Success story of supervision: Pre-training

In the past decade, one of the major success recipes for many different Computer Vision problems has been learning visual representations by performing supervised learning for ImageNet classification. And, using these learned representations, or learned model weights as initialization for other computer vision tasks, where a large quantum of labelled data might not be available.

However, getting annotations for a dataset of the magnitude of ImageNet is immensely time-consuming and expensive. Example: ImageNet labelling with 14M images took roughly 22 human years.

Because of this, the community started to look for alternate labelling processes, such as hashtags for social media images, GPS locations, or self-supervised approaches where the label is a property of the data sample itself.

But an important question that arises before looking for alternate labelling processes is:

How much labelled data can we get after all?

  • If we search for all images with object-level category and bounding box annotations then there are roughly 1 million images.
  • Now, if the constraint for bounding box coordinates is relaxed, the number of images available jumps to 14 million (approximately).
  • However, if we consider all images available on the internet, there is a jump of 5 orders in the quantity of data available.
  • And, then there is data apart from images, which requires other sensory input to capture or understand.

Figure 1: Variation in available data quantum basis complexity of annotation

Hence, drawing from the fact that ImageNet specific annotation alone took 22 human years worth of time, scaling labelling to all internet photos or beyond is completely infeasible.

Problem of Rare Concepts (Long Tail Problem)

Generally, the plot presenting distribution of the labels for internet images looks like a long tail. That is, most of the images correspond to very few labels, while there exist a large number of labels for which not many images are present. Thus, getting annotated samples for categories towards the end of the tail requires huge quantities of data to be labelled because of the nature of the distribution of categories.


Figure 2: Variation in distribution of available images with labels

Problem of Different Domains

This method of ImageNet pre-training and fine-tuning on downstream task gets even murkier when the downstream task images belong to a completely different domain, such as medical imaging. And, obtaining a dataset of the quantum of ImageNet for pre-training for different domains is not possible.

What is self-supervised Learning?

Two ways to define self-supervised learning

  • Basis supervised learning definition, i.e. the network follows supervised learning where labels are obtained in a semi-automated manner, without human input.
  • Prediction problem, where a part of the data is hidden, and rest visible. Hence, the aim is to either predict the hidden data or to predict some property of the hidden data.

How self-supervised learning differs from supervised learning and unsupervised learning?

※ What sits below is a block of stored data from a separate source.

(* Let $A$ be a finite alphabet. A language $L\subseteq A^*$ is definable by a sentence of $FO^2[<,\mathrm{Inv}]$ if and only if it is definable by a sentence of $FO^2[<,\mathrm{Th}]$. That is, as language classes, $FO^2[<,\mathrm{Inv}]=FO^2[<,\mathrm{Th}]$.
   Context: Words $w\in A^*$ are finite structures whose universe is the set of positions $\{1,\dots,|w|\}$; $w(i)$ denotes the $i$-th letter. For each $a\in A$ there is a unary predicate $a(x)$, true iff the letter at position $x$ is $a$, and the order $<$ on positions. A sentence $\phi$ defines the language $\{w\in A^*: w\models\phi\}$; formulas may be interpreted in the empty word, where every existentially quantified sentence is false and every universally quantified one is true. For $a\in A$, the binary ''between'' predicate $a(x,y)$ means $\exists z\,(x<z\wedge z<y\wedge a(z))$, i.e. the letter $a$ occurs strictly between positions $x$ and $y$. $FO^2[<,\mathrm{Inv}]$ is the set of first-order formulas built from $<$, the unary predicates $a(x)$ and the binary predicates $a(x,y)$ ($a\in A$) using only two variables (which may be reused). For $a\in A$ and $k\ge 0$, the predicate $(a,k)(x,y)$ means that $x<y$ and there are at least $k$ positions $z$ with $x<z<y$ and $w(z)=a$. $FO^2[<,\mathrm{Th}]$ is the two-variable logic built from $<$, the unary predicates $a(x)$, and all predicates $(a,k)(x,y)$ ($a\in A$, $k\ge 0$). *)

From mathcomp Require Import all_boot.
Set Implicit Arguments. Unset Strict Implicit. Unset Printing Implicit Defensive.

(* Positions are the indices 0 .. size w - 1 (a shift by one of the paper's
   1 .. |w|, irrelevant for definability). *)

(* The two variables of the logic: [false] = x, [true] = y. *)
Definition var := bool.

Definition valuation := var -> nat.
Definition upd (nu : valuation) (v : var) (i : nat) : valuation :=
  fun u => if u == v then i else nu u.

Definition count_between {A : eqType} (w : seq A) (a : A) (i j : nat) : nat :=
  count (fun z => (i < z < j) && (onth w z == Some a)) (iota 0 (size w)).

Inductive fo2inv (A : Type) : Type :=
  | IFalse
  | IEq of var & var
  | ILt of var & var
  | ILetter of A & var
  | IBetween of A & var & var
  | INot of fo2inv A
  | IOr of fo2inv A & fo2inv A
  | IEx of var & fo2inv A.

Fixpoint sat_inv {A : eqType} (w : seq A) (nu : valuation) (f : fo2inv A) : Prop :=
  match f with
  | IFalse => False
  | IEq u v => nu u = nu v
  | ILt u v => nu u < nu v
  | ILetter a u => onth w (nu u) = Some a
  | IBetween a u v => exists z, nu u < z < nu v /\ onth w z = Some a
  | INot g => ~ sat_inv w nu g
  | IOr g h => sat_inv w nu g \/ sat_inv w nu h
  | IEx v g => exists i, i < size w /\ sat_inv w (upd nu v i) g
  end.

Fixpoint free_inv {A : Type} (f : fo2inv A) (v : var) : bool :=
  match f with
  | IFalse => false
  | IEq u1 u2 | ILt u1 u2 | IBetween _ u1 u2 => (v == u1) || (v == u2)
  | ILetter _ u => v == u
  | INot g => free_inv g v
  | IOr g h => free_inv g v || free_inv h v
  | IEx u g => (v != u) && free_inv g v
  end.

Definition sentence_inv {A : Type} (f : fo2inv A) : Prop :=
  forall v, free_inv f v = false.

Inductive fo2th (A : Type) : Type :=
  | TFalse
  | TEq of var & var
  | TLt of var & var
  | TLetter of A & var
  | TThr of A & nat & var & var
  | TNot of fo2th A
  | TOr of fo2th A & fo2th A
  | TEx of var & fo2th A.

Fixpoint sat_th {A : eqType} (w : seq A) (nu : valuation) (f : fo2th A) : Prop :=
  match f with
  | TFalse => False
  | TEq u v => nu u = nu v
  | TLt u v => nu u < nu v
  | TLetter a u => onth w (nu u) = Some a
  | TThr a k u v => nu u < nu v /\ k <= count_between w a (nu u) (nu v)
  | TNot g => ~ sat_th w nu g
  | TOr g h => sat_th w nu g \/ sat_th w nu h
  | TEx v g => exists i, i < size w /\ sat_th w (upd nu v i) g
  end.

Fixpoint free_th {A : Type} (f : fo2th A) (v : var) : bool :=
  match f with
  | TFalse => false
  | TEq u1 u2 | TLt u1 u2 | TThr _ _ u1 u2 => (v == u1) || (v == u2)
  | TLetter _ u => v == u
  | TNot g => free_th g v
  | TOr g h => free_th g v || free_th h v
  | TEx u g => (v != u) && free_th g v
  end.

Definition sentence_th {A : Type} (f : fo2th A) : Prop :=
  forall v, free_th f v = false.

(* Language defined by a sentence (valuation irrelevant for sentences). *)
Definition nu0 : valuation := fun _ => 0.

Definition inv_definable {A : finType} (L : seq A -> Prop) : Prop :=
  exists f : fo2inv A, sentence_inv f /\ forall w, L w <-> sat_inv w nu0 f.

Definition th_definable {A : finType} (L : seq A -> Prop) : Prop :=
  exists f : fo2th A, sentence_th f /\ forall w, L w <-> sat_th w nu0 f.

From mathcomp Require Import all_boot zify.
From Stdlib Require Import Classical.

Set Implicit Arguments.
Unset Strict Implicit.

(** FO2[<,Inv] is contained in FO2[<,Th] since a(x,y) is (a,1)(x,y).
  Conversely, the quantifiers of an FO2[<,Th] formula are eliminated innermost
  first.  Call a mix a quantifier-free combination of order atoms, threshold
  atoms and FO2[<,Inv] properties of x or of y; the point is to express
  "exists y, beta(y) /\ m(x,y)" in FO2[<,Inv].  Shannon expansion removes the
  unary atoms one at a time, moving those on x in front of the quantifier and
  those on y into the guard beta.  Without them, m(x,y) only depends on the
  relative order of x and y and on the number of occurrences of each letter
  between them, capped at the largest threshold K of m.  For each of these
  finitely many profiles, "some y satisfying beta has this profile" is
  expressible with two variables: walk from x towards y, always jumping to the
  nearest occurrence of a letter whose count is not yet settled, and swap the
  roles of the variables at each jump; at most |A| K jumps are needed. *)

Definition ITrue {A} : fo2inv A := INot (IFalse A).
Definition IAnd {A} (f g : fo2inv A) : fo2inv A := INot (IOr (INot f) (INot g)).
Definition IOrs {A T} (s : seq T) (F : T -> fo2inv A) : fo2inv A :=
  foldr (fun t g => IOr (F t) g) (IFalse A) s.
Definition IAnds {A T} (s : seq T) (F : T -> fo2inv A) : fo2inv A :=
  foldr (fun t g => IAnd (F t) g) ITrue s.
Definition IAt {A} (c : var) (f : fo2inv A) : fo2inv A :=
  IEx (~~ c) (IAnd (IEq A false true) f).

Lemma upd_eq nu v i : upd nu v i v = i.
Proof. by rewrite /upd eqxx. Qed.

Lemma updN nu v i : upd nu v i (~~ v) = nu (~~ v).
Proof. by rewrite /upd; case: v. Qed.

Lemma updNv nu v i : upd nu (~~ v) i v = nu v.
Proof. by rewrite /upd; case: v. Qed.

Section InvSemantics.
Variables (A : eqType) (w : seq A).
Implicit Types (nu : valuation) (f g : fo2inv A).

Lemma sat_IAnd nu f g :
  sat_inv w nu (IAnd f g) <-> sat_inv w nu f /\ sat_inv w nu g.
Proof.
by rewrite /IAnd /=; split=> [H|]; [split; apply: NNPP; tauto | tauto].
Qed.

Lemma sat_IOrs (T : eqType) nu (s : seq T) F :
  sat_inv w nu (IOrs s F) <-> exists2 t, t \in s & sat_inv w nu (F t).
Proof.
elim: s => [|t s IH] /=; first by split=> // -[].
rewrite IH; split=> [[H|[u su H]]|[u]]; first by exists t; rewrite ?mem_head.
  by exists u; rewrite // inE su orbT.
by rewrite inE => /orP[/eqP-> | su] H; [left | right; exists u].
Qed.

Lemma sat_IAnds (T : eqType) nu (s : seq T) F :
  sat_inv w nu (IAnds s F) <-> forall t, t \in s -> sat_inv w nu (F t).
Proof.
elim: s => [|t s IH]; first by split=> //= _ [].
rewrite -[IAnds _ _]/(IAnd (F t) (IAnds s F)) sat_IAnd IH; split=> [[Ht Hs] u|H].
  by rewrite inE => /orP[/eqP-> | /Hs].
by split=> [|u su]; apply: H; rewrite inE ?eqxx ?su ?orbT.
Qed.

Lemma sat_IEx nu v f :
  sat_inv w nu (IEx v f) <-> exists i, i < size w /\ sat_inv w (upd nu v i) f.
Proof. by []. Qed.

Lemma sat_INot nu f : sat_inv w nu (INot f) <-> ~ sat_inv w nu f.
Proof. by []. Qed.

Lemma sat_IOr nu f g :
  sat_inv w nu (IOr f g) <-> sat_inv w nu f \/ sat_inv w nu g.
Proof. by []. Qed.

Lemma eq_sat_inv f nu nu' : nu =1 nu' -> sat_inv w nu f <-> sat_inv w nu' f.
Proof.
elim: f nu nu' => [|u v|u v|a u|a u v|g IH|g IHg h IHh|v g IH] nu nu' E /=;
  rewrite ?E //.
- by have := IH _ _ E; tauto.
- by have := IHg _ _ E; have := IHh _ _ E; tauto.
- have Eu i : upd nu v i =1 upd nu' v i by move=> u; rewrite /upd E.
  by split=> -[i [Hi H]]; exists i; split=> //;
    [apply/(IH _ _ (Eu i)) | apply/(IH _ _ (Eu i))].
Qed.

Lemma sat_IAt nu c f :
  sat_inv w nu (IAt c f) <-> nu c < size w /\ sat_inv w (fun=> nu c) f.
Proof.
have Ec j : upd nu (~~ c) j false = upd nu (~~ c) j true <-> j = nu c.
  by rewrite /upd; case: c => /=; split=> ->.
have Eu : upd nu (~~ c) (nu c) =1 fun=> nu c.
  by move=> u; rewrite /upd; case: u; case: c {Ec}.
rewrite /IAt sat_IEx; split=> [[j [Hj /sat_IAnd[/Ec Ej H]]]|[Hc H]].
  by subst j; split=> //; apply/(eq_sat_inv _ Eu).
exists (nu c); split=> //; apply/sat_IAnd; split; first exact/Ec.
exact/(eq_sat_inv _ Eu).
Qed.

End InvSemantics.

Lemma count_add3 T (p p1 p2 p3 : pred T) s :
  (forall z, p z = p1 z + p2 z + p3 z :> nat) ->
  count p s = count p1 s + count p2 s + count p3 s.
Proof. by move=> H; elim: s => //= z s ->; rewrite H; lia. Qed.

Lemma onth_size T (s : seq T) i x : onth s i = Some x -> i < size s.
Proof. by rewrite -onthTE => ->. Qed.

Section CountBetween.
Variables (A : eqType) (w : seq A) (a : A).

Lemma count_betweenP i j :
  reflect (exists z, i < z < j /\ onth w z = Some a) (0 < count_between w a i j).
Proof.
rewrite /count_between -has_count.
apply: (iffP hasP) => [[z _ /andP[Hz /eqP Ha]] | [z [Hz Ha]]]; first by exists z.
by exists z; [rewrite mem_iota add0n (onth_size Ha) | rewrite Hz Ha eqxx].
Qed.

Lemma count_between_self i : count_between w a i i = 0.
Proof.
by apply/eqP; rewrite -leqn0 leqNgt; apply/count_betweenP => -[z [/andP[]]]; lia.
Qed.

Lemma count_between_split i q j : i < q -> q < j ->
  count_between w a i j =
  count_between w a i q + (onth w q == Some a) + count_between w a q j.
Proof.
move=> iq qj; rewrite /count_between.
have -> : (onth w q == Some a) = count (fun z => (z == q) && (onth w z == Some a))
                                       (iota 0 (size w)) :> nat.
  rewrite (eq_count (a2 := fun z => (onth w q == Some a) && (z == q))).
    case: (onth w q =P Some a) => [Hq|]; last by rewrite count_pred0.
    rewrite (eq_count (a2 := pred1 q)) // count_uniq_mem ?iota_uniq //.
    by rewrite mem_iota add0n (onth_size Hq).
  by move=> z /=; case: eqP => [->|]; rewrite ?andbT ?andbF.
apply: count_add3 => z; case: (onth w z == Some a); rewrite ?andbT ?andbF //.
by case: (ltngtP z q) => [zq|qz|->] /=; lia.
Qed.

End CountBetween.

Definition ltd (d : bool) (i j : nat) : bool := if d then i < j else j < i.

Definition count_dir {A : eqType} (w : seq A) d a i j : nat :=
  if d then count_between w a i j else count_between w a j i.

Lemma ltd_trans d i q j : ltd d i q -> ltd d q j -> ltd d i j.
Proof. by case: d => /=; lia. Qed.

  • Supervised learning tasks have pre-defined (and generally human-provided) labels,
  • Unsupervised learning has just the data samples without any supervision, label or correct output.
  • Self-supervised learning derives its labels from a co-occurring modality for the given data sample or from a co-occurring part of the data sample itself.

Self-Supervised Learning in Natural Language Processing

Word2Vec

  • Given an input sentence, the task involves predicting a missing word from that sentence, which is specifically omitted for the purpose of building a pretext task.
  • Hence, the set of labels becomes all possible words in the vocabulary, and, the correct label is the word that was omitted from the sentence.
  • Thus, the network can then be trained using regular gradient-based methods to learn word-level representations.

Why self-supervised learning?

  • Self-supervised learning enables learning representations of data by just observations of how different parts of the data interact.
  • Thereby drops the requirement of huge amount of annotated data.
  • Additionally, enables to leverage multiple modalities that might be associated with a single data sample.

Self-Supervised Learning in Computer Vision

Generally, computer vision pipelines that employ self-supervised learning involve performing two tasks, a pretext task and a real (downstream) task.

  • The real (downstream) task can be anything like classification or detection task, with insufficient annotated data samples.
  • The pretext task is the self-supervised learning task solved to learn visual representations, with the aim of using the learned representations or model weights obtained in the process, for the downstream task.

Developing pretext tasks

  • Pretext tasks for computer vision problems can be developed using either images, video, or video and sound.
  • In each pretext task, there is part visible and part hidden data, while the task is to predict either the hidden data or some property of the hidden data.

Example pretext tasks: Predicting relative position of image patches

  • Input: 2 image patches, one is the anchor image patch while the other is the query image patch.
  • Given the 2 image patches, the network needs to predict the relative position of the query image patch with respect to the anchor image patch.
  • Thus, this problem can be modelled as an 8-way classification problem, since there are 8 possible locations for a query image, given an anchor.
  • And, the label for this task can be automatically generated by feeding the relative position of query patch with respect to the anchor.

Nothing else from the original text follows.